Ah! if she would but come forth from that shining lake like a beautiful
Ondine! Ah, if she would but step out from the green shade of that secret
grove like a Dryad of sylvan Greece! O mystery of mysteries, when youth
dreams his first dream over some imaginary heroine!

Suddenly the brooding wildfowl rose from the bosom of the lake, soared in
the air, and, uttering mournful shrieks, whirled in agitated tumult. The
deer started from their knolls, no longer sunny, stared around, and rushed
into the woods. Coningsby raised his eyes from the turf on which they had
been long fixed in abstraction, and he observed that the azure sky had
vanished, a thin white film had suddenly spread itself over the heavens,
and the wind moaned with a sad and fitful gust.

He had some reason to believe that on the other side of the opposite wood
the forest was intersected by a public road, and that there were some
habitations.
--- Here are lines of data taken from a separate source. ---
(* Identify cells of the square lattice with points $(x,y)\in\mathbb{Z}^2$. A (fixed) polyomino is a finite edge-connected set of cells, counted up to translation. For $n\ge 1$, let $f(n)$ be the number of pairs $(P,c)$ where $P$ is a polyomino with $n$ cells and $c=(x,y)$ is a cell of $P$ such that none of the cells $(x-1,y-1)$, $(x,y-1)$, $(x+1,y-1)$ belongs to $P$ (Type A). Let $g(n)$ be the number of such pairs for which, in addition, the cell $(x-1,y)$ does not belong to $P$ (Type B). Set $f(0)=g(0)=1$. Define $F(n)$ and $G(n)$ by $F(0)=F(1)=G(0)=G(1)=1$ and, for $n\ge 2$, \[ F(n)=G(n)+\sum_{\ell,m\ge 1,\ \ell+m=n} G(\ell)G(m),\qquad G(n)=F(n-1)+G(n-1)+\sum_{\ell,m\ge 1,\ \ell+m=n-1} G(\ell)G(m). \] Then $f(n)\le F(n)$ and $g(n)\le G(n)$ for all $n\ge 0$.
   Context: Pairs $(P,c)$ are counted with $P$ up to translation (equivalently, a pair is determined by the translation class of $(P,c)$). Cells are edge-adjacent if they share an edge; a polyomino is an edge-connected finite set of cells. *)

From HB Require Import structures.
From mathcomp Require Import all_boot all_order all_algebra.
From mathcomp Require Import finmap.
From mathcomp Require Import classical_sets cardinality.
Set Implicit Arguments. Unset Strict Implicit. Unset Printing Implicit Defensive.
Import Order.TTheory GRing.Theory Num.Theory.
Local Open Scope fset_scope.

Definition cell := (int * int)%type.

Definition adj : rel cell :=
  fun a b => (`|(a.1 - b.1)%R|%N + `|(a.2 - b.2)%R|%N == 1)%N.

Definition edge_connected (P : {fset cell}) : Prop :=
  forall x y, x \in P -> y \in P ->
    exists p : seq cell, [/\ path adj x p, last x p = y & all (fun z => z \in P) p].

Definition polyomino_n (n : nat) (P : {fset cell}) : Prop :=
  edge_connected P /\ #|` P| = n.

Definition shift (c : cell) (dx dy : int) : cell := (c.1 + dx, c.2 + dy)%R.

Definition typeA (P : {fset cell}) (c : cell) : bool :=
  [&& c \in P, shift c (-1) (-1) \notin P, shift c 0 (-1) \notin P
    & shift c 1 (-1) \notin P].

Definition typeB (P : {fset cell}) (c : cell) : bool :=
  typeA P c && (shift c (-1) 0 \notin P).

Definition origin : cell := (0%R, 0%R).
Immediately rising, he descended at a rapid pace into the
valley, passed the lake, and then struck into the ascending wood on the
bank opposite to that on which he had mused away some precious time.

The wind howled, the branches of the forest stirred, and sent forth sounds
like an incantation. Soon might be distinguished the various voices of the
mighty trees, as they expressed their terror or their agony. The oak
roared, the beech shrieked, the elm sent forth its deep and long-drawn
groan; while ever and anon, amid a momentary pause, the passion of the ash
was heard in moans of thrilling anguish.